Magnesium ions (Mg2+) have been extensively reported to have osteogenesis-stimulating capability through the promotion of osteoblastic activity and/or inhibition of osteoclastic activity. Nevertheless, high concentration of Mg2+ is harmful to the differentiation of osteogenic cells and causes disorder in the bone mineralization process. In our previous study, it is evidenced that the constant release of Mg2+ in the range of 50-200 ppm can significantly trigger new bone formation. In order to achieve stimulation of in-situ bone regeneration, I hypothesize that controlling the delivery of Mg2+ within a specific range (50-200 ppm) in local bony tissue environment can induce bone regeneration. Hence, to actualize this concept, I developed three kinds of Mg-based biomaterials with controllable Mg2+ delivery for bone regeneration.
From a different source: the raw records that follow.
Lemma reaches_face0_chain x y (i : 'I_M) :
  grid_chain (coloured (col x)) x y -> reaches_face0 x i -> reaches_face0 y i.
Proof.
move=> xy; have [_ col_y] := grid_chain_start (grid_chain_sym xy).
rewrite /reaches_face0 col_y; case=> [[z [xz zi]]|xi]; left.
- by exists z; split => //; apply: grid_chain_trans (grid_chain_sym xy) xz.
- by exists x; split => //; apply: grid_chain_sym.
Qed.

Lemma crossing_label_chain x y :
  grid_chain (coloured (col x)) x y -> crossing_label x = crossing_label y.
Proof.
move=> xy; have [_ col_y] := grid_chain_start (grid_chain_sym xy).
have yx : grid_chain (coloured (col y)) y x by rewrite col_y; apply: grid_chain_sym.
rewrite /crossing_label (@eq_pick _ _ (fun i => ~~ bool_of (reaches_face0 y i))) // => i /=.
by congr negb; apply/bool_ofP/bool_ofP; apply: reaches_face0_chain.
Qed.

Lemma vertex_adjacent (p : simplex m0 n0) j k : adjacent (vertex p j) (vertex p k).
Proof. by move=> i; rewrite /vertex; case: (_ < j); case: (_ < k); lia. Qed.

(* Sperner's lemma gives a fully labelled simplex: its [M + 1] vertices
   carry distinct labels, but two of them share one of the [M] colours and
   hence, being adjacent, their label. *)
Lemma no_crossing_absurd : False.
Proof.
have [p full] := sperner crossing_label_le crossing_label_face0 crossing_label_faceN.
pose colour_of (j : 'I_M.+1) : 'I_M := Ordinal (col_lt (vertex p j)).
have : ~~ injectiveb colour_of.
  by apply/negP => /injectiveP /leq_card; rewrite !card_ord ltnn.
move=> /injectivePn [j1 [j2 j_neq /(congr1 (@nat_of_ord _)) /= same_col]].
have chain12 : grid_chain (coloured (col (vertex p j1))) (vertex p j1) (vertex p j2).
  apply: grid_chain_step (vertex_adjacent p j1 j2) (grid_chain_refl _) => //.
  - by split => //; apply: vertex_in_cube.
  - by split; [apply: vertex_in_cube | rewrite same_col].
have label_le_M : forall j, j <= M -> label crossing_label p j <= M.
  by move=> j _; apply: crossing_label_le.
have lab_inj : injective (@vertex_label M (label crossing_label p)).
  apply: surjective_injective => y.
  move/forallP: full => /(_ y) /existsP [x /eqP lx]; exists x.
  by apply: ord_inj; rewrite (vertex_labelE label_le_M).
move/negP: j_neq; apply; apply/eqP/lab_inj/ord_inj; rewrite !(vertex_labelE label_le_M).
exact: crossing_label_chain.
Qed.
End NoCrossing.

Theorem lebesgue_covering :
  exists c x y (i : 'I_M), grid_chain (coloured c) x y /\ x i = N /\ y i = 0.
Proof.
apply: NNPP => none; apply: no_crossing_absurd => c x y i xy xi yi.
by apply: none; exists c, x, y, i.
Qed.
End Lebesgue.

Open Scope R_scope.

Definition pad (n : nat) (x : 'I_n.+1 -> nat) : nat -> nat :=
  fun i => if (i < n.+1)%N then x (inord i) else 0%N.

Lemma pad_ord n (x : 'I_n.+1 -> nat) (o : 'I_n.+1) : pad x o = x o.
Proof. by rewrite /pad ltn_ord inord_val. Qed.

Lemma pad_lt n (x y : 'I_n.+1 -> nat) i :
  (i < n.+1)%coq_nat -> exists o : 'I_n.+1, pad x i = x o /\ pad y i = y o.
Proof. by move=> /ltP i_lt; exists (Ordinal i_lt); split; apply: (pad_ord _ (Ordinal i_lt)). Qed.

Section GridEmbedding.
Variables (e n n0 : nat).
Hypothesis dim_le : le n.+1 (Nat.pow 2 e).
Hypothesis side : n0.+1 = Nat.pow 2 (Nat.pow 2 e).

Definition grid_code (x : 'I_n.+1 -> nat) : nat := unary_code (Nat.pow 2 e) n.+1 (pad x).

Lemma grid_code_adjacent x y : in_cube n0 x -> in_cube n0 y -> adjacent x y ->
  dist (grid_code x) (grid_code y) <= INR (e + 2).
Proof.
move=> x_cube y_cube xy; rewrite /dist /grid_code; apply: le_INR.
have := block_scale_pow2_add _ _ dim_le.
suff : (norm (Nat.lxor (unary_code (Nat.pow 2 e) n.+1 (pad x)) (unary_code (Nat.pow 2 e) n.+1 (pad y)))
        <= block_scale (Nat.add (Nat.pow 2 e) n.+1))%coq_nat by lia.
apply: norm_code_diff_adjacent => i i_lt; have [o [-> ->]] := pad_lt x y i_lt.
by move: (x_cube o) (y_cube o) (xy o); rewrite side; lia.
Qed.

Lemma grid_code_far x y (i : 'I_n.+1) : x i = n0.+1 -> y i = 0%N ->
  INR (Nat.add (Nat.pow 2 e) 1) <= dist (grid_code x) (grid_code y).
Proof.
move=> xi yi; apply: le_INR; apply: (norm_code_diff_far _ _ _ _ i); first exact/ltP.
- by rewrite pad_ord xi side.
- by rewrite pad_ord yi.
Qed.
End GridEmbedding.

(* Given a cover by
   [n + 1] families whose [s]-components have diameter [<= C s + k], colour
   each point of a large cube by the family containing its code.  Lebesgue's
   covering lemma yields a monochromatic chain of adjacent points between
   opposite faces; its image is an [s]-chain (for [s = e + 3]) inside one
   family whose endpoints are more than [C s + k] apart. *)
Lemma dist_asdim_AN_infinite : asdim_AN_infinite dist.
Proof.
move=> n [C [k [C_pos cover]]].
have [e [dim_le big_gap]] := choose_block_index C k n C_pos.
set s := INR (Nat.add e 3).
have [U [U_cover U_bound]] := cover s (lt_0_INR (Nat.add e 3) ltac:(lia)).
set n0 := (Nat.pow 2 (Nat.pow 2 e)).-1.
have side : n0.+1 = Nat.pow 2 (Nat.pow 2 e).
  by rewrite /n0 prednK //; apply/ltP/Nat.neq_0_lt_0/Nat.pow_nonzero.
pose col (x : 'I_n.+1 -> nat) :=
  proj1_sig (constructive_indefinite_description _ (U_cover (grid_code e x))).
have col_spec (x : 'I_n.+1 -> nat) : (col x <= n)%coq_nat /\ U (col x) (grid_code e x).
  exact: proj2_sig (constructive_indefinite_description _ (U_cover (grid_code e x))).
have col_lt (x : 'I_n.+1 -> nat) : (col x < n.+1)%N by apply/ltP; have := proj1 (col_spec x); lia.
have [c [x [y [i [xy [xi yi]]]]]] := lebesgue_covering n0 col_lt.
have s_chain_of : forall x y, grid_chain (coloured n0 col c) x y ->
    s_chain dist s (U c) (grid_code e x) (grid_code e y).
  move=> x1 y1; elim=> [x2 [_ <-]|x2 y2 z2 [x2_cube <-] x2y2 y2z2 IH].
  - by apply: chain_refl; case: (col_spec x2).
  - apply: chain_step IH; first by case: (col_spec x2).
    have [y2_cube _] := grid_chain_start y2z2.
    apply: Rle_lt_trans (grid_code_adjacent dim_le side x2_cube y2_cube x2y2) _.
    by apply: lt_INR; lia.
(* The crossing chain thus has diameter [<= C s + k < 2 ^ e + 1]. *)
have [_ c_col] := grid_chain_start xy.
have c_le : (c <= n)%coq_nat by rewrite -c_col; case: (col_spec x).
have := U_bound c c_le _ _ (s_chain_of x y xy).
have := grid_code_far side xi yi.
by move=> far bound; rewrite /s in bound; lra.
Qed.

Theorem corollary3p9 :
  exists (K : Type) (mul : K -> K -> K) (one : K) (inv : K -> K) (dK : K -> K -> R),
    is_group mul one inv /\
    locally_finite mul one inv /\
    proper_left_invariant_metric mul one dK /\
    asdim_AN_infinite dK /\
    all_cones_ultrametric dK.
Proof.
exists nat, Nat.lxor, 0%N, (fun x => x), dist.
split; first exact: xor_group.
split; first exact: xor_locally_finite.
split; first exact: dist_proper_left_invariant.
split; first exact: dist_asdim_AN_infinite.
exact: all_cones_ultrametric_of_quasi dist_quasi_ultrametric.
Qed.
The first design is a poly (lactic-co-glycolic acid)/Magnesium oxide-alendronate microsphere delivery system fabricated by the electrospraying technique. The poly (lactic-co-glycolic acid) (PLGA) widely used in drug delivery functions as a carrier to encapsulate magnesium oxide (MgO) nanoparticles for delivery of magnesium ion in local microenvironment. Alendronate is utilized to enable bone affinity property of the microsphere. As for the magnesium ion release profile, although sustained release of Mg2+ has been attained for two weeks in PBS, the release pattern is not zero-order in which Mg ion delivery cannot maintain at a constant level. Furthermore, the microsphere is unable to regulate outflow of Mg2+ within 50-200 ppm. Hence, I have to optimize our microsphere system with precisely control of Mg ion delivery at 50-200 ppm by introducing the core-shell structure.
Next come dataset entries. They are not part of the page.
(* Fix $a\in(0,\tfrac12)$ and $E\in[0,1]$. Suppose there exist $\lambda_1<\lambda_2<0$ such that the $\Theta$-flow described in the context has corridors $\mathcal K_1(E,\lambda_1)$ and $\mathcal K_1(E,\lambda_2)$ with $w(\mathcal K_1(E,\lambda_2))=0$ and $w(\mathcal K_1(E,\lambda_1))\ge1$. Then there is $\lambda\in(\lambda_1,\lambda_2)$ such that the $\Theta$-flow with parameters $(E,\lambda)$ has a saddles connector going from $(0,0)$ to $(\pi,-\pi)$.
   Context: For $a\in(0,\tfrac12)$, $E\in[0,1]$, $\lambda\in\mathbb R$, the $\Theta$-flow is the system on the strip $[0,\pi]\times\mathbb R$ (with $\Theta$ understood mod $2\pi$ on the cylinder) $$\dot\theta=\sin\theta,\qquad \dot\Theta=-2a\sin\theta\cos\theta\cos\Theta+2aE\sin^2\theta\sin\Theta-\sin\Theta+2\lambda\sin\theta.$$ Its equilibria are $(0,0)$, $(0,\pi)$ (left) and $(\pi,-\pi)$, $(\pi,0)$ (right), mod $2\pi$ in $\Theta$. Let $\widetilde{\mathcal W}^-$ be the unique orbit in $(0,\pi)\times\mathbb R$ with $\alpha$-limit $(0,0)$ and $\widetilde{\mathcal W}^+$ the unique orbit with $\omega$-limit $(\pi,-\pi)$. A saddles connector from $(0,0)$ to $(\pi,-\pi)$ is an orbit with $\alpha$-limit $(0,0)$ and $\omega$-limit $(\pi,-\pi)$. The flow has a corridor $\mathcal K_1(E,\lambda)$ of winding number $k\in\mathbb Z$ if $\widetilde{\mathcal W}^-\neq\widetilde{\mathcal W}^+$ and the $\omega$-limit of $\widetilde{\mathcal W}^-$ is $(\pi,-2\pi k)$. *)

From Stdlib Require Import Reals.
From Coquelicot Require Import Coquelicot.
Open Scope R_scope.

(* Right-hand side of the Theta-equation of the Theta-flow, in the lifted
   coordinates (theta, Theta) in [0,pi] x R (Theta NOT reduced mod 2pi). *)
Definition Theta_rhs (a E lam th Th : R) : R :=
  - 2 * a * sin th * cos th * cos Th + 2 * a * E * (sin th)^2 * sin Th
  - sin Th + 2 * lam * sin th.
The second design is a monodisperse core-shell microsphere delivery system that comprises PLGA biopolymer, alginate hydrogel, and MgO nanoparticles. The PLGA/MgO core acts as a reservoir of Mg2+, while the alginate shell is introduced to regulate accurately the outflow of Mg2+ ~50ppm for two weeks through its micro-porous structure. In addition, the core-shell microsphere system exhibits enhanced osteoblastic activity in vitro and stimulation of in-situ bone formation in a rat femur-defect model at post-surgery eight weeks. Interestingly, Young’s moduli of newly formed bone on the Mg-based core-shell microsphere group were found to be restored to ~96% of that of the surrounding matured bone indicating that the core-shell system with precisely controlled release of Mg2+ may potentially apply for in-situ clinical bone regeneration.

The third design is a titanium oxide (TiO2) surface-modified Mg implant. Rapid corrosion in vivo is the major concern of biodegradable Mg alloys in clinical applications. Surface modification is necessary for suppressing rapid corrosion and maintain the mechanical strength of Mg implants upon degradation. Also, regulation of Mg ion released from magnesium implants can be beneficial to osseointegration at the implant-bone interface. I employ the Ti and O dual plasma ion immersion implantation (PIII) technique to construct a TiO2 nanolayer on Mg implants. The TiO2 nanolayer significantly enhances the corrosion resistance of Mg substrates and promotes osteoblastic proliferation and differentiation in vitro and osteoconductivity in vivo due to controlled Mg ion release and less hydrogen gas generation. Moreover, the TiO2-containing nanolayer exhibits photoactive bacteria disinfection under UV irradiation.